VOGONS


First post, by ih8registrations

User metadata
Rank Oldbie
Rank
Oldbie

http://sourceforge.net/tracker/index.php?func … 551&atid=467234

<text>
The patch this time speeds up 16 & 32 bit normal2x video rendering by
3x for graphics and 25% for text.

Use 16 bit, and opengl, for best results.

To apply(to cvs source):
cd dosbox
patch -up1 < render_cvs.diff

Enjoy!

Gritty details:

For a video bound game/scene, the renderer handler is the big-o routine by far:

CVS build:
Each sample counts as 0.01 seconds.
% cumulative self self total
time seconds seconds calls s/call s/call name
64.31 23.21 23.21 1552200 0.00 0.00 void Normal<8, 8, true>(unsigned char*)
14.91 28.59 5.38 2072187 0.00 0.00 BituMove(unsigned char*, unsigned char*, unsigned)
8.04 31.49 2.90 228400 0.00 0.00 RENDER_Init(Section*)
5.26 33.39 1.90 void Normal<8, 8, false>(unsigned char*)
2.02 34.12 0.73 228400 0.00 0.00 VGA_TEXT_Draw_Line(unsigned, unsigned, unsigned)
1.03 34.49 0.37 6819579 0.00 0.00 THEOPL3::advance(THEOPL3::OPL3*)
0.58 34.70 0.21 get_thrpc

New handler:
Each sample counts as 0.01 seconds.
% cumulative self self total
time seconds seconds calls s/call s/call name
68.38 9.84 9.84 1548600 0.00 0.00 Normal2x816(unsigned char*)
10.70 11.38 1.54 285200 0.00 0.00 Normalx816(unsigned char*)
5.70 12.20 0.82 285200 0.00 0.00 VGA_TEXT_Draw_Line(unsigned, unsigned, unsigned)
2.57 12.57 0.37 2277486 0.00 0.00 THEOPL3::advance(THEOPL3::OPL3*)
0.97 12.71 0.14 40994748 0.00 0.00 THEOPL3::chan_calc(THEOPL3::OPL3_CH*)
0.90 12.84 0.13 9040201 0.00 0.00 THEOPL3::op_calc1(unsigned, unsigned, int, unsigned)
0.83 12.96 0.12 209501567 0.00 0.00 mem_readw_inline(unsigned long)

Above is profiling output of the intro from Microprose F-117A.

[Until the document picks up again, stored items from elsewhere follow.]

Lemma row_normalizeE :
  row_normalize A = diag_mx (\row_i ((A *m const_mx 1 : 'cV[R]_n) i 0)^-1) *m A.
Proof.
rewrite /row_normalize invmx_diag => [|i]; last by rewrite mxE gt_eqF.
by congr (diag_mx _ *m _); apply/rowP => i; rewrite !mxE.
Qed.

Lemma row_normalize_ge0 i j : 0 <= row_normalize A i j.
Proof. by rewrite row_normalizeE mul_diag_mx mxE mulr_ge0 ?A_ge0 // mxE invr_ge0 ltW. Qed.

Lemma row_normalize_stochastic : row_normalize A *m const_mx 1 = const_mx 1 :> 'cV[R]_n.
Proof.
apply/matrixP => i k; rewrite (ord1 k) row_normalizeE -mulmxA mul_diag_mx mxE.
by rewrite mxE mulVf ?gt_eqF // mxE.
Qed.

End RowNormalize.

Section Membership.
Variables (R : realType) (n r : nat) (blk : 'I_n -> 'I_r).
Hypothesis blk_onto : blocks_nonempty blk.
Local Notation Th := (Theta R blk).

Definition block_sqrt (k : 'I_r) : R := Num.sqrt (block_size blk k)%:R.

Definition block_sqrts : 'cV[R]_r := \col_k block_sqrt k.

Lemma block_sqrt_gt0 k : 0 < block_sqrt k.
Proof.
have [i blk_i] := blk_onto k.
by rewrite sqrtr_gt0 ltr0n; apply/card_gt0P; exists i; rewrite inE blk_i.
Qed.

Lemma Theta_ge0 i k : 0 <= Th i k.
Proof. by rewrite mxE divr_ge0 ?sqrtr_ge0. Qed.

Lemma mul_ThetaE m (X : 'M[R]_(r, m)) i l :
  (Th *m X) i l = X (blk i) l / block_sqrt (blk i).
Proof.
rewrite mxE (bigD1 (blk i)) //= big1 ?addr0 => [|k k_neq]; rewrite mxE.
  by rewrite eqxx mul1r mulrC.
by rewrite eq_sym (negbTE k_neq) !mul0r.
Qed.

Lemma mul_Theta_eq0 (v : 'cV[R]_r) : Th *m v = 0 -> v = 0.
Proof.
move=> Thv0; apply/matrixP => k j; rewrite (ord1 j) mxE.
have [i blk_i] := blk_onto k.
have /eqP := congr1 (fun X : 'cV_n => X i 0) Thv0; rewrite mul_ThetaE mxE blk_i.
by rewrite mulf_eq0 invr_eq0 (gt_eqF (block_sqrt_gt0 _)) orbF => /eqP.
Qed.

Lemma Theta_block_sqrts : Th *m block_sqrts = const_mx 1.
Proof.
by apply/matrixP => i j; rewrite mul_ThetaE !mxE divff // gt_eqF ?block_sqrt_gt0.
Qed.

Lemma trmx_Theta_const1 : Th^T *m const_mx 1 = block_sqrts.
Proof.
apply/matrixP => k j; rewrite !mxE.
rewrite (eq_bigr (fun i => if blk i == k then (block_sqrt k)^-1 else 0)); last first.
  by move=> i _; rewrite !mxE mulr1; case: eqP => _; rewrite ?mul1r ?mul0r.
rewrite -big_mkcond sumr_const /= -mulr_natr.
have -> : #|[pred i | blk i == k]| = block_size blk k by rewrite /block_size cardsE.
rewrite -[_%:R](@sqr_sqrtr R) ?ler0n // -/(block_sqrt k) expr2 mulrA.
by rewrite mulVf ?mul1r // gt_eqF ?block_sqrt_gt0.
Qed.

Lemma mul_trmx_ThetaE m (X : 'M[R]_(m, r)) i j :
  (X *m Th^T) i j = X i (blk j) / block_sqrt (blk j).
Proof. by rewrite -[X *m _]trmxK trmx_mul trmxK mxE mul_ThetaE mxE. Qed.

Lemma Theta_weighted_gram_neq0 (e : 'rV[R]_n) (v : 'cV[R]_r) :
  (forall i, 0 < e 0 i) -> v != 0 -> Th^T *m diag_mx e *m Th *m v != 0.
Proof.
move=> e_gt0 v_neq0.
have Thv_neq0 : Th *m v != 0 by apply: contraNneq v_neq0 => /mul_Theta_eq0 ->.
have := qform_diag_gt0 e_gt0 Thv_neq0; rewrite /qform trmx_mul -!mulmxA.
by apply: contraTneq => ->; rewrite mulmx0 mxE ltxx.
Qed.

End Membership.

Section BlockModel.
Variables (R : realType) (n r : nat) (blk : 'I_n -> 'I_r).
Variables (B : 'M[R]_r) (d1 d2 : 'rV[R]_n).
Hypotheses (blk_onto : blocks_nonempty blk) (B_ge0 : forall k l, 0 <= B k l).
Hypotheses (B_row : forall k, exists l, B k l != 0).
Hypotheses (d1_gt0 : forall i, 0 < d1 0 i) (d2_gt0 : forall i, 0 < d2 0 i).
Local Notation Th := (Theta R blk).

The new handler is a merge of Normal & BituMove so 28.59s vs 9.84s.

</text>

Attachments

  • Filename
    render_cvs.diff
    File size
    5.44 KiB
    Downloads
    198 downloads
    File license
    Fair use/fair dealing exception

Reply 1 of 13, by Magamo

User metadata
Rank Member
Rank
Member

I know that running on my linux box (2.4.25, Matrox G550, 32bit, PIII/600) This patch segfaults when running Wing Commander: Privateer. Going to be difficult to pin it down, I'll wash it through dosbox's debugger later.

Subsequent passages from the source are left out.